Coastal dredge disposal

Project Focus
Cohesive sediment-laden underflows in coastal dredging and disposal

Background and Motivation
Each year large volumes of sediments are dredged from rivers, waterways, ports and harbors around the world primarily to maintain and enlarge their navigability. An estimated 230 million cubic-meters of sedimentary materials are dredged by the U.S. Army Corps of Engineers in the United States annually.
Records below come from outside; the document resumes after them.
Lemma mulc3_card (Q R Z V : sT) :
  mulc3 Q R Z V != 0 -> #|V| = (#|Q| + #|R| + #|Z|)%N.
Proof.
rewrite /mulc3; case: and4P => [[dQR dQZ dRZ /eqP ->] _|]; last by rewrite eqxx.
by rewrite !cardsUd // disjointsUl dQZ.
Qed.

Lemma mulc3_set0l (R Z V : sT) : mulc3 set0 R Z V = mulc R Z V.
Proof. by rewrite /mulc3 /mulc !disjoints0l set0U !sgn2_set0l !mul1r. Qed.

Lemma mulc3_set0m (Q Z V : sT) : mulc3 Q set0 Z V = mulc Q Z V.
Proof.
by rewrite /mulc3 /mulc disjoints0r disjoints0l setU0 sgn2_set0r sgn2_set0l mul1r mulr1.
Qed.

Lemma sum_mulc3 (Q R Z : sT) (g : sT -> K) :
  \sum_W mulc3 Q R Z W * g W = mulc3 Q R Z (Q :|: R :|: Z) * g (Q :|: R :|: Z).
Proof.
rewrite (bigD1 (Q :|: R :|: Z)) //= big1 ?addr0 // => W /negbTE nW.
by rewrite /mulc3 nW !andbF mul0r.
Qed.

Lemma mulc_set1_mulc3l (u : 'I_n) (Q R Z V : sT) : u \notin Q ->
  \sum_W mulc3 Q R Z W * mulc [set u] W V = sgn2 [set u] Q * mulc3 (u |: Q) R Z V.
Proof.
move=> uQ; rewrite sum_mulc3 /mulc3 /mulc eqxx !andbT !disjointsUl !disjointsUr.
rewrite !disjoints1 (negbTE uQ) /= !setUA.
case dQR: [disjoint Q & R]; case dQZ: [disjoint Q & Z]; case dRZ: [disjoint R & Z];
  case uR: (u \in R); case uZ: (u \in Z); rewrite /= ?mul0r ?mulr0 //.
case: (V == _); rewrite ?mulr0 //.
have dQRZ : [disjoint Q :|: R & Z] by rewrite disjointsUl dQZ dRZ.
rewrite sgn2Ur // sgn2Ur // sgn2Ul ?disjoints1 // sgn2Ul ?disjoints1 //; ring.
Qed.

Lemma mulc_set1_mulc3m (u : 'I_n) (Q R Z V : sT) : u \notin R ->
  \sum_W mulc3 Q R Z W * mulc [set u] W V =
  (-1) ^+ #|Q| * sgn2 [set u] R * mulc3 Q (u |: R) Z V.
Proof.
move=> uR; rewrite sum_mulc3 /mulc3 /mulc eqxx !andbT !disjointsUl !disjointsUr.
rewrite !disjoints1 disjoints1r (negbTE uR) /= [Q :|: (u |: R)]setUCA -!setUA.
case dQR: [disjoint Q & R]; case dQZ: [disjoint Q & Z]; case dRZ: [disjoint R & Z];
  case uQ: (u \in Q); case uZ: (u \in Z); rewrite /= ?mul0r ?mulr0 //.
case: (V == _); rewrite ?mulr0 //.
rewrite !sgn2Ur ?disjointsUr ?dQR ?dQZ ?disjoints1 // sgn2Ul ?disjoints1 //.
by rewrite -(@sgn2_set1C u Q) ?uQ //; ring: (sgn2_sqr Q [set u]).
Qed.

(* The coefficient of e_S in d_u e_U, where d_u is the right contraction by the
   dual basis vector of e_u: d_u (e_S e_u) = e_S for u \notin S. *)
Definition derivc (U : sT) (u : 'I_n) (S : sT) : K :=
  ((u \in U) && (S == U :\ u))%:R * sgn2 (U :\ u) [set u].

Lemma comc_m1 (m : nat) (U S T : sT) : #|U| = m.+1 ->
  comc m 1 U S T = \sum_u (T == [set u])%:R * derivc U u S.
Proof.
move=> cU; rewrite /comc /derivc cU addn1 eqxx /=.
have [/cards1P [v ->]|nT] := boolP (#|T| == 1%N); last first.
  rewrite big1 => [|w _]; last by case: (T =P [set w]) nT => [->|_ _]; rewrite ?cards1 ?mul0r.
  case: and3P => // [[/eqP cS sSU /eqP eT]].
  by move: nT; rewrite eT cardsDS // cU cS subSnn.
rewrite (bigD1 v) //= big1 ?addr0 => [|w /negbTE nwv]; last first.
  by rewrite (inj_eq set1_inj) eq_sym nwv mul0r.
have -> : [&& #|S| == m, S \subset U & [set v] == U :\: S] = (v \in U) && (S == U :\ v).
  apply/and3P/andP => [[cS sSU /eqP eUS]|[vU /eqP ->]].
    have vU : v \in U by move: (set11 v); rewrite eUS inE => /andP[].
    by split=> //; apply/eqP; rewrite eUS setDDr setDv set0U; apply/esym/setIidPr.
  split; first by move: cU; rewrite (cardsD1 v U) vU add1n => -[] ->.
    exact: subD1set.
  by rewrite setDDr setDv set0U (setIidPr _) ?sub1set.
by rewrite eqxx mul1r; case: andP => [[_ /eqP ->]|]; rewrite ?mul1r ?mul0r.
Qed.

Definition leibniz_rhs (A B S : sT) (u : 'I_n) : K :=
  (u \in A)%:R * (-1) ^+ #|B| * sgn2 (A :\ u) [set u] * mulc (A :\ u) B S
  + (u \in B)%:R * sgn2 (B :\ u) [set u] * mulc A (B :\ u) S.

Lemma derivc_mulc_disjoint (u : 'I_n) (A B S : sT) : [disjoint A & B] ->
  \sum_U mulc A B U * derivc U u S = leibniz_rhs A B S u.
Proof.
move=> dAB; rewrite (bigD1 (A :|: B)) //= big1 ?addr0 => [|U /negbTE nU]; last first.
  by rewrite /mulc nU andbF mul0r.
rewrite /leibniz_rhs /derivc /mulc dAB eqxx in_setU.
have [uA|nuA] := boolP (u \in A).
  have nuB : u \notin B by rewrite (disjointFr dAB).
  have dA'B : [disjoint A :\ u & B].
    by move: dAB; rewrite -{1}(setD1K uA) disjointsUl => /andP[].
  have -> : (A :|: B) :\ u = A :\ u :|: B.
    by rewrite setDUl; congr (_ :|: _); apply/setDidPl; rewrite disjoints1r.
  rewrite (negbTE nuB) !mul0r addr0 dA'B /=.
  case: (S == _); rewrite ?mul0r ?mulr0 // !mul1r.
  rewrite -{1}(setD1K uA) (@sgn2Ul [set u] (A :\ u) B) ?disjoints1 ?setD11 //.
  by rewrite sgn2Ul // -(sgn2_set1C nuB); ring.
rewrite /= !mul0r add0r.
have [uB|_] := boolP (u \in B); last by rewrite !(mul0r, mulr0).
have dAB' : [disjoint A & B :\ u].
  by move: dAB; rewrite -{1}(setD1K uB) disjointsUr => /andP[].
have -> : (A :|: B) :\ u = A :|: B :\ u.
  by rewrite setDUl; congr (_ :|: _); apply/setDidPl; rewrite disjoints1r.
rewrite dAB' /=; case: (S == _); rewrite ?mul0r ?mulr0 // !mul1r.
rewrite -{1}(setD1K uB) (@sgn2Ur [set u] (B :\ u) A) ?disjoints1 ?setD11 //.
by rewrite sgn2Ul //; ring: (sgn2_sqr A [set u]).
Qed.

Lemma leibniz_rhs_overlap (u : 'I_n) (A B S : sT) : ~~ [disjoint A & B] ->
  leibniz_rhs A B S u = 0.
Proof.
move=> nAB; rewrite /leibniz_rhs /mulc.
have [uA|nuA] := boolP (u \in A); have [uB|nuB] := boolP (u \in B).
- have -> : [disjoint A :\ u & B] = [disjoint A :\ u & B :\ u].
    by rewrite -{1}(setD1K uB) disjointsUr disjoints1r setD11.
  have -> : [disjoint A & B :\ u] = [disjoint A :\ u & B :\ u].
    by rewrite -{1}(setD1K uA) disjointsUl disjoints1 setD11.
  have -> : A :\ u :|: B = A :|: B :\ u.
    by apply/setP => x; rewrite !inE; case: (x =P u) => [->|]; rewrite ?uA ?uB ?orbT.
  case: ifP => _; rewrite ?mulr0 ?addr0 // !mul1r.
  have -> : sgn2 (A :\ u) B = sgn2 (A :\ u) [set u] * sgn2 (A :\ u) (B :\ u).
    by rewrite -sgn2Ur ?setD1K // disjoints1 setD11.
  have -> : sgn2 A (B :\ u) = sgn2 [set u] (B :\ u) * sgn2 (A :\ u) (B :\ u).
    by rewrite -sgn2Ul ?setD1K // disjoints1 setD11.
  rewrite (cardsD1 u B) uB exprS -(@sgn2_set1C u (B :\ u)) ?setD11 //.
  by ring: (sgn2_sqr (A :\ u) [set u]).
- have -> : [disjoint A :\ u & B] = false.
    by apply: contraNF nAB; rewrite -{2}(setD1K uA) disjointsUl disjoints1 nuB => ->.
  by rewrite /= !(mul0r, mulr0, addr0).
- have -> : [disjoint A & B :\ u] = false.
    by apply: contraNF nAB; rewrite -{2}(setD1K uB) disjointsUr disjoints1r nuA => ->.
  by rewrite /= !(mul0r, mulr0, addr0).
- by rewrite !(mul0r, addr0).
Qed.

Lemma derivc_mulc (u : 'I_n) (A B S : sT) :
  \sum_U mulc A B U * derivc U u S = leibniz_rhs A B S u.
Proof.
have [/derivc_mulc_disjoint -> // | nAB] := boolP [disjoint A & B].
by rewrite leibniz_rhs_overlap // big1 // => U _; rewrite /mulc (negbTE nAB) mul0r.
Qed.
Much of these sedimentary materials dredged (especially those from rivers, channels, lakes and estuaries) are cohesive fine-grained fluid mud that consists of water, cohesive sediment particles (clay and silt), and organic material.

Among the different dredging methods employed in removing fluid mud, the most common and economical maintenance dredging method is the hydraulic pipeline dredging method, in which the hydraulically dredged fluid mud is generally pumped and then transported through a suitable pipeline to dispose into a designated aquatic disposal area (Fig. 1). As soon as they are discharged, the fluid mud starts to descend in the water column and then flow away from the impingement point at the bottom in the form of an underflow due to the density difference of the fluid mud and the ambient water. In order to develop predictive models for the fate of the discharged fluid mud, it is of importance to understand the propagation dynamics of fluid mud underflows.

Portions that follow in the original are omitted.